Workers in America contribute to SSDI through a deduction from every paycheck to ensure that if they become disabled, they can access that insurance to pay bills, cover health care costs, and contribute to the economy. SSDI is not a benefits program – it is a funded insurance program managed through the Social Security Disability Insurance Fund. SSDI is only available to people who have contributed enough to the SSDI fund through work, and it is limited based on how long the person has worked. Yet, people are denied payments for the first five months after becoming eligible and then wait an additional two years to access Medicare. These exclusion periods are fundamentally unfair; they delay people from seeking treatment and eventually returning to work, and they prevent people from accessing the insurance for which they paid.

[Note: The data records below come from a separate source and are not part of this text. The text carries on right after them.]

(* Via the cut encoding along a spanning tree, bad sets of size k are no more
   numerous than subsets of [n] of size < t(k) + 1. *)
Lemma bad_class_count n G b d par dd k :
  simple_graph G -> spanning_tree n G par dd ->
  (length (filter (fun S => length S =? k)%nat (bad_sets n G b d))
   <= length (filter (fun F => rltb (INR (length F)) (threshold n d k + 1)) (sublists (seq 0 n))))%nat.
Proof.
  intros HG T. apply (inj_length (cut_code n par)).
  - apply NoDup_filter, NoDup_filter, sublists_NoDup, seq_NoDup.
  - intros S S' HS HS' E. apply filter_In in HS, HS'.
    destruct HS as [HS _], HS' as [HS' _].
    apply In_bad_sets in HS, HS'. apply (cut_code_inj n G par dd T S S'); tauto.
  - intros S HS. apply filter_In in HS. destruct HS as [HS Hk]. apply Nat.eqb_eq in Hk.
    apply In_bad_sets in HS. destruct HS as [_ [_ [_ Hlt]]].
    apply filter_In. split; [apply filter_in_sublists|]. apply rltb_true.
    pose proof (le_INR _ _ (cut_code_length n G par dd T S HG)) as Z.
    rewrite plus_INR in Z. simpl in Z. subst k. lra.
Qed.

Section FailureProbability.

(* Constants: c0 = eps (1-b)/2 is the expansion rate supplied by the random edges,
   th <= c0/4 and d (3 + 2 ln(1/th)) <= c0/4. *)
Variables (eps b c0 th d : R).
Hypotheses (Heps : 0 < eps) (Hb : b < 1) (Hc0 : c0 = eps * (1 - b) / 2)
  (Hth : 0 < th <= 1) (Htc : th <= c0 / 4) (Hd : 0 < d) (Hdc : d * (3 + 2 * ln (/ th)) <= c0 / 4).

Lemma bad_class_bound n G k : simple_graph G -> connected n G -> (1 <= n)%nat ->
  sumR (fun S => exp (threshold n d (length S) - c0 * INR (length S)))
       (filter (fun S => length S =? k)%nat (bad_sets n G b d))
  <= / (d ^ 3 * INR n ^ 3).
Proof.
  intros HG HC Hn. set (N := INR n).
  assert (HN1 : 1 <= N) by (apply (le_INR 1); auto).
  assert (Hpos : 0 < d ^ 3 * N ^ 3) by (apply Rmult_lt_0_compat; apply pow_lt; lra).
  destruct (filter (fun S => length S =? k)%nat (bad_sets n G b d)) as [|S0 Sk'] eqn:ESk.
  { unfold sumR; simpl. left; apply Rinv_0_lt_compat; auto. }
  assert (HS0 : In S0 (filter (fun S => length S =? k)%nat (bad_sets n G b d))) by (rewrite ESk; left; auto).
  apply filter_In in HS0. destruct HS0 as [HS0 Hl0]. apply Nat.eqb_eq in Hl0.
  apply In_bad_sets in HS0. destruct HS0 as [HS0 [H0 [HSb Hlt]]]. rewrite Hl0 in *.
  fold N in HSb. set (x := INR k) in *. set (t := threshold n d k) in *.
  assert (Hkn : (k < n)%nat) by (apply INR_lt; fold N x; assert (0 < (1 - b) * N) by (apply Rmult_lt_0_compat; lra); nra).
  destruct (spanning_tree_exists n G HG HC ltac:(lia)) as [par [dd T]].
  (* a bad set is nonempty and proper, so it has a G-boundary edge: t > 1 *)
  assert (Ht1 : 1 < t).
  { pose proof (le_INR _ _ (boundary_pos n G par dd T S0 HG HS0 ltac:(lia) ltac:(lia))). simpl in *. lra. }
  assert (Hx : 1 <= x <= N) by (split; [apply (le_INR 1); lia | apply le_INR; lia]).
  rewrite <- ESk, (sumR_ext _ (fun _ => exp (t - c0 * x))).
  2:{ intros S HS. apply filter_In in HS. destruct HS as [_ E]. apply Nat.eqb_eq in E. rewrite E. reflexivity. }
  rewrite sumR_const.
  set (s := ln (N / (th * x))).
  assert (Hs0 : 0 <= s) by (apply ln_nonneg, div_ge1; nra).
  pose proof (le_INR _ _ (bad_class_count n G b d par dd k HG T)) as Hcount.
  pose proof (count_small_subsets (seq 0 n) (t + 1) s Hs0) as Hsmall. rewrite length_seq in Hsmall.
  pose proof (class_exponent_bound N x d th c0 t Hx Hth Hd Hdc Htc eq_refl Ht1) as Hexp.
  assert (HLdx : ln (exp 1 * N / x) < d * x).
  { assert (HL := ln_ratio_ge1 N x ltac:(lra)).
    unfold t, threshold in Ht1. fold N x in Ht1.
    replace (d / ln (exp 1 * N / x) * x) with (d * x / ln (exp 1 * N / x)) in Ht1 by (field; lra).
    apply (Rmult_lt_compat_r (ln (exp 1 * N / x))) in Ht1; [|lra].
    replace (d * x / ln (exp 1 * N / x) * ln (exp 1 * N / x)) with (d * x) in Ht1 by (field; lra).
    lra. }
  eapply Rle_trans; [|apply (exp_neg_class_bound N x d Hx Hd HLdx)].
  eapply Rle_trans; [|apply exp_le, Hexp]. rewrite (exp_plus _ (t - c0 * x)).
  fold s. change (threshold n d k) with t in Hcount. change (INR n) with N in Hsmall.
  apply Rmult_le_compat_r; [left; apply exp_pos | lra].
Qed.

Lemma expansion_prob_bound n G : simple_graph G -> connected n G -> (1 <= n)%nat -> eps <= INR n ->
  1 - INR (n + 1) * / (d ^ 3 * INR n ^ 3) <= prob_Gnp n (eps / INR n) (expansion_event n G b d).
Proof.
  intros HG HC Hn HepsN. set (N := INR n) in *.
  assert (HN1 : 1 <= N) by (apply (le_INR 1); auto).
  assert (Hp : 0 <= eps / N <= 1).
  { split; [left; apply Rdiv_lt_0_compat; lra|]. apply (Rmult_le_reg_r N); [lra|].
    unfold Rdiv; rewrite Rmult_assoc, Rinv_l by lra. lra. }
  eapply Rle_trans; [|apply (expansion_prob_lower n G b d _ Hp)].
  enough (sumR (fun S => exp (threshold n d (length S) - c0 * INR (length S))) (bad_sets n G b d)
          <= INR (n + 1) * / (d ^ 3 * N ^ 3)) as Hsum.
  { enough (sumR (fun S => exp (threshold n d (length S)) *
                   exp (- (eps / N / 2) * INR (length (filter (cross S) (pairs n))))) (bad_sets n G b d)
            <= sumR (fun S => exp (threshold n d (length S) - c0 * INR (length S))) (bad_sets n G b d)) by lra.
    apply sumR_le. intros S HS. apply In_bad_sets in HS. destruct HS as [HS [_ [HSb _]]].
    unfold Rminus. rewrite exp_plus. apply Rmult_le_compat_l; [left; apply exp_pos|].
    replace (- (c0 * INR (length S))) with (- (eps * (1 - b) / 2) * INR (length S)) by (rewrite Hc0; ring).
    apply crossing_moment_bound; auto. change (INR n) with N; lra. }
  rewrite (sumR_by_length _ _ n).
  - rewrite <- (length_seq (n + 1) 0) at 2. rewrite <- sumR_const.
    apply sumR_le. intros k _. apply bad_class_bound; auto.
  - intros S HS. apply In_bad_sets in HS. pose proof (sublists_length _ _ (proj1 HS)) as H.
    rewrite length_seq in H. auto.
Qed.

End FailureProbability.

Lemma Un_cv_one_squeeze (u : nat -> R) (d : R) (n0 : nat) : 0 < d ->
  (forall n, (n0 <= n)%nat -> 1 - INR (n + 1) * / (d ^ 3 * INR n ^ 3) <= u n /\ u n <= 1) ->
  Un_cv u 1.
Proof.
  intros Hd H e He.
  assert (Hd3 : 0 < d ^ 3) by (apply pow_lt; lra).
  destruct (INR_archimed (e * d ^ 3) 2) as [M HM]; [nra|].
  exists (Nat.max n0 (Nat.max M 1)). intros n Hn.
  destruct (H n ltac:(lia)) as [H1 H2].
  assert (HnM : INR M <= INR n) by (apply le_INR; lia).
  assert (Hn1 : 1 <= INR n) by (apply (le_INR 1); lia).
  set (m := INR n) in *.
  (* (n+1)/(d^3 n^3) <= 2/(d^3 n^2) < e since e d^3 n > 2 *)
  assert (Hq : INR (n + 1) * / (d ^ 3 * m ^ 3) < e).
  { rewrite plus_INR. fold m. simpl INR.
    assert (Hp : 0 < d ^ 3 * m ^ 3) by (apply Rmult_lt_0_compat; auto; apply pow_lt; lra).
    apply (Rmult_lt_reg_r (d ^ 3 * m ^ 3)); auto. rewrite Rmult_assoc, Rinv_l by lra.
    assert (Hed : 0 < e * d ^ 3) by nra. assert (HZ : e * d ^ 3 * m > 2) by nra.
    set (Z := e * d ^ 3 * m) in *.
    replace (e * (d ^ 3 * m ^ 3)) with (Z * (m * m)) by (unfold Z; ring).
    assert (Z * m <= Z * (m * m)) by (apply Rmult_le_compat_l; nra). nra. }
  unfold R_dist. rewrite Rabs_left1 by lra. lra.
Qed.

Lemma cheeger_ge n H (c : R) : (2 <= n)%nat ->
  (forall U, In U (sublists (seq 0 n)) -> (0 < length U)%nat -> (2 * length U <= n)%nat ->
     c <= INR (boundary n H U) / INR (length U)) ->
  cheeger n H >= c.
Proof.
  intros Hn Hall. unfold cheeger.
  set (L := filter (fun U => (0 <? length U)%nat && (2 * length U <=? n)%nat) (sublists (seq 0 n))).
  assert (HL : forall U, In U L -> c <= INR (boundary n H U) / INR (length U)).
  { intros U HU. apply filter_In in HU. destruct HU as [HU B].
    apply andb_prop in B. destruct B as [B1 B2]. apply Nat.ltb_lt in B1. apply Nat.leb_le in B2. auto. }
  (* the singleton {0} is a candidate, so the list of ratios is nonempty *)
  assert (Hin : In [0%nat] L).
  { apply filter_In. split.
    - replace [0%nat] with (filter (Nat.eqb 0) (seq 0 n)); [apply filter_in_sublists|].
      destruct n as [|n']; [lia|]. simpl. f_equal.
      rewrite (filter_ext_in _ (fun _ => false)); [induction (seq 1 n'); auto|].
      intros a Ha. apply in_seq in Ha. destruct a; [lia|reflexivity].
    - apply andb_true_intro. split; [reflexivity|]. apply Nat.leb_le. simpl length. lia. }
  destruct L as [|U0 L'] eqn:EL; [destruct Hin|]. simpl. apply Rle_ge.
  assert (Hrest : forall r, In r (map (fun U => INR (boundary n H U) / INR (length U)) L') -> c <= r).
  { intros r Hr. apply in_map_iff in Hr. destruct Hr as [U [<- HU]]. apply HL. right; auto. }
  assert (H0 : c <= INR (boundary n H U0) / INR (length U0)) by (apply HL; left; auto).
  clear EL HL Hin. induction L' as [|r rs IH]; simpl; auto.
  apply Rmin_glb; [apply Hrest; left; auto | apply IH; intros; apply Hrest; right; auto].
Qed.

(* For b >= 1/2, the expansion event implies the Cheeger bound, since
   ln(e n/|U|) <= ln(e n) for every nonempty U. *)
Lemma cheeger_from_expansion n G (b d : R) Rg : (2 <= n)%nat -> 1/2 <= b -> 0 < d ->
  expansion_event n G b d Rg -> cheeger n (graph_union G Rg) >= d / ln (exp 1 * INR n).
Proof.
  intros Hn Hb Hd HE. apply cheeger_ge; auto. intros U HU H1 H2.
  set (N := INR n) in *. set (k := INR (length U)).
  assert (HN : 2 <= N) by (apply (le_INR 2); auto).
  assert (Hk1 : 1 <= k) by (apply (le_INR 1); lia).
  assert (Hk2 : 2 * k <= N) by (unfold k, N; rewrite <- (mult_INR 2); apply le_INR; auto).
  specialize (HE U HU H1 ltac:(fold k N; nra)). unfold threshold in HE. fold k N in HE.
  set (l1 := ln (exp 1 * N / k)) in *. set (l2 := ln (exp 1 * N)).
  assert (He1 := exp1_ge2).
  assert (Hl1 : 1 <= l1) by (apply ln_ratio_ge1; lra).
  assert (Hl12 : l1 <= l2).
  { apply ln_le_mono; [apply Rdiv_lt_0_compat; nra|].
    unfold Rdiv. rewrite <- (Rmult_1_r (exp 1 * N)) at 2. apply Rmult_le_compat_l; [nra|].
    rewrite <- Rinv_1. apply Rinv_le_contravar; lra. }
  apply Rle_trans with (d / l1).
  - unfold Rdiv. apply Rmult_le_compat_l; [lra|]. apply Rinv_le_contravar; lra.
  - apply (Rmult_le_reg_r k); [lra|]. unfold Rdiv at 2. rewrite Rmult_assoc, Rinv_l by lra. lra.
Qed.

(* Choice of the constants: b = max(alpha, 1/2), c0 = eps (1-b)/2, th = c0/(4+c0)
   and d = c0 / (4 (3 + 2 ln(1/th))). *)
Lemma constants_exist (eps alpha : R) : 0 < eps -> alpha < 1 ->
  exists b th d, alpha <= b /\ 1/2 <= b /\ b < 1 /\ 0 < th <= 1 /\ th <= eps * (1 - b) / 2 / 4 /\
                 0 < d /\ d * (3 + 2 * ln (/ th)) <= eps * (1 - b) / 2 / 4.
Proof.
  intros Heps Ha.
  set (b := Rmax alpha (1/2)).
  assert (Hb1 : b < 1) by (unfold b; apply Rmax_lub_lt; lra).
  set (c0 := eps * (1 - b) / 2).
  assert (Hc0 : 0 < c0) by (unfold c0; nra).
  set (th := c0 / (4 + c0)).
  assert (Hth : 0 < th <= 1).
  { unfold th. split; [apply Rdiv_lt_0_compat; lra|]. apply (Rmult_le_reg_r (4 + c0)); [lra|].
    unfold Rdiv; rewrite Rmult_assoc, Rinv_l by lra. lra. }
  assert (HLam : 0 <= ln (/ th)) by (apply ln_nonneg; rewrite <- Rinv_1; apply Rinv_le_contravar; lra).
  exists b, th, (c0 / (4 * (3 + 2 * ln (/ th)))). fold c0. repeat split; try lra.
  - apply Rmax_l.
  - apply Rmax_r.
  - unfold th, Rdiv. apply Rmult_le_compat_l; [lra|]. apply Rinv_le_contravar; lra.
  - apply Rdiv_lt_0_compat; lra.
  - right; field; lra.
Qed.

Theorem theorem2 :
  forall (eps alpha : R), 0 < eps -> alpha < 1 ->
  exists delta : R, 0 < delta /\
  forall Gs : nat -> nat -> nat -> bool,
    (forall n, simple_graph (Gs n) /\ connected n (Gs n)) ->
    Un_cv (fun n => prob_Gnp n (eps / INR n) (fun Rg =>
       forall S : list nat, In S (sublists (seq 0 n)) ->
         (0 < length S)%nat -> INR (length S) <= alpha * INR n ->
         INR (boundary n (graph_union (Gs n) Rg) S)
           >= delta / ln (exp 1 * INR n / INR (length S)) * INR (length S))) 1
    /\
    Un_cv (fun n => prob_Gnp n (eps / INR n) (fun Rg =>
       cheeger n (graph_union (Gs n) Rg) >= delta / ln (exp 1 * INR n))) 1.
Proof.
  intros eps alpha Heps Ha.
  destruct (constants_exist eps alpha Heps Ha) as [b [th [d [Hab [Hb2 [Hb1 [Hth [Htc [Hd Hdc]]]]]]]]].
  exists d. split; auto. intros Gs HGs.
  destruct (INR_archimed 1 eps) as [m Hm]; [lra|].
  assert (Hbig : forall n, (Nat.max m 2 <= n)%nat ->
            0 <= eps / INR n <= 1 /\ 1 - INR (n + 1) * / (d ^ 3 * INR n ^ 3)
                                     <= prob_Gnp n (eps / INR n) (expansion_event n (Gs n) b d)).
  { intros n Hn. assert (HmN : INR m <= INR n) by (apply le_INR; lia).
    assert (2 <= INR n) by (apply (le_INR 2); lia).
    destruct (HGs n) as [HG HC]. split.
    - split; [left; apply Rdiv_lt_0_compat; lra|]. apply (Rmult_le_reg_r (INR n)); [lra|].
      unfold Rdiv; rewrite Rmult_assoc, Rinv_l by lra. lra.
    - apply (expansion_prob_bound eps b (eps * (1 - b) / 2) th d); auto; lia || lra. }
  split; apply (Un_cv_one_squeeze _ d (Nat.max m 2) Hd); intros n Hn;
    destruct (Hbig n Hn) as [Hp Hprob]; (split; [|apply prob_le1; auto]);
    (eapply Rle_trans; [exact Hprob|]); apply prob_mono; auto.
  - intros Rg _ HE S HS H0 HSa. apply HE; auto.
    apply Rle_trans with (alpha * INR n); auto. apply Rmult_le_compat_r; auto. apply pos_INR.
  - intros Rg _ HE. apply (cheeger_from_expansion n (Gs n) b d Rg); auto. lia.
Qed.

The approval process for most SSDI applicants already takes an average of nearly 18 months. As the Government Accountability Office has reported, in the last ten years, approximately 110,000 people died while awaiting a decision on their SSDI benefits. In the last five years, about 50,000 people filed for bankruptcy while waiting for a decision on their SSDI application. For the Government to decide that people are eligible for SSDI, they already must not be earning a “substantial” amount; to impose these additional exclusion periods is to force them to be impoverished while battling horrific chronic illness and disease.

The COVID-19 pandemic caused an economic crisis that has forced even more people out of work, further compounding the problem. Many people with disabilities, including those caused by COVID-19, will be unable to return to work. Denying them access to their earned insurance benefits for five months and their healthcare for 24 months exacerbates these effects – leaving people with disabilities unable to pay COBRA or other health care premiums, rent, and other essential expenses, and forcing them onto welfare and Medicaid to survive. Receipt of SSDI payments extends life expectancy, reduces burdens on state unemployment and welfare programs, and helps people avoid SSI and Medicaid. Even a one-month delay in receipt of SSDI benefits makes the applicant less likely to return to work and reduces their annual earnings. In this time, when we need everyone to contribute to our economy, forcing people into poverty when they have earned SSDI benefits is harmful, not only to the individuals but to our national interest.

In 2020, Congress eliminated the five-month exclusion period for people with ALS. As Senator Whitehouse noted, it “made no sense” to exclude ALS patients from five months of SSDI benefits. It makes no more sense to deny five months of benefits to people with cancer, AIDS, heart disease, Alzheimer’s, or other disabilities and life-threatening conditions, particularly when they already wait an average of 18 months for a decision. We urge you to eliminate the exclusion periods that harm American workers with disabilities.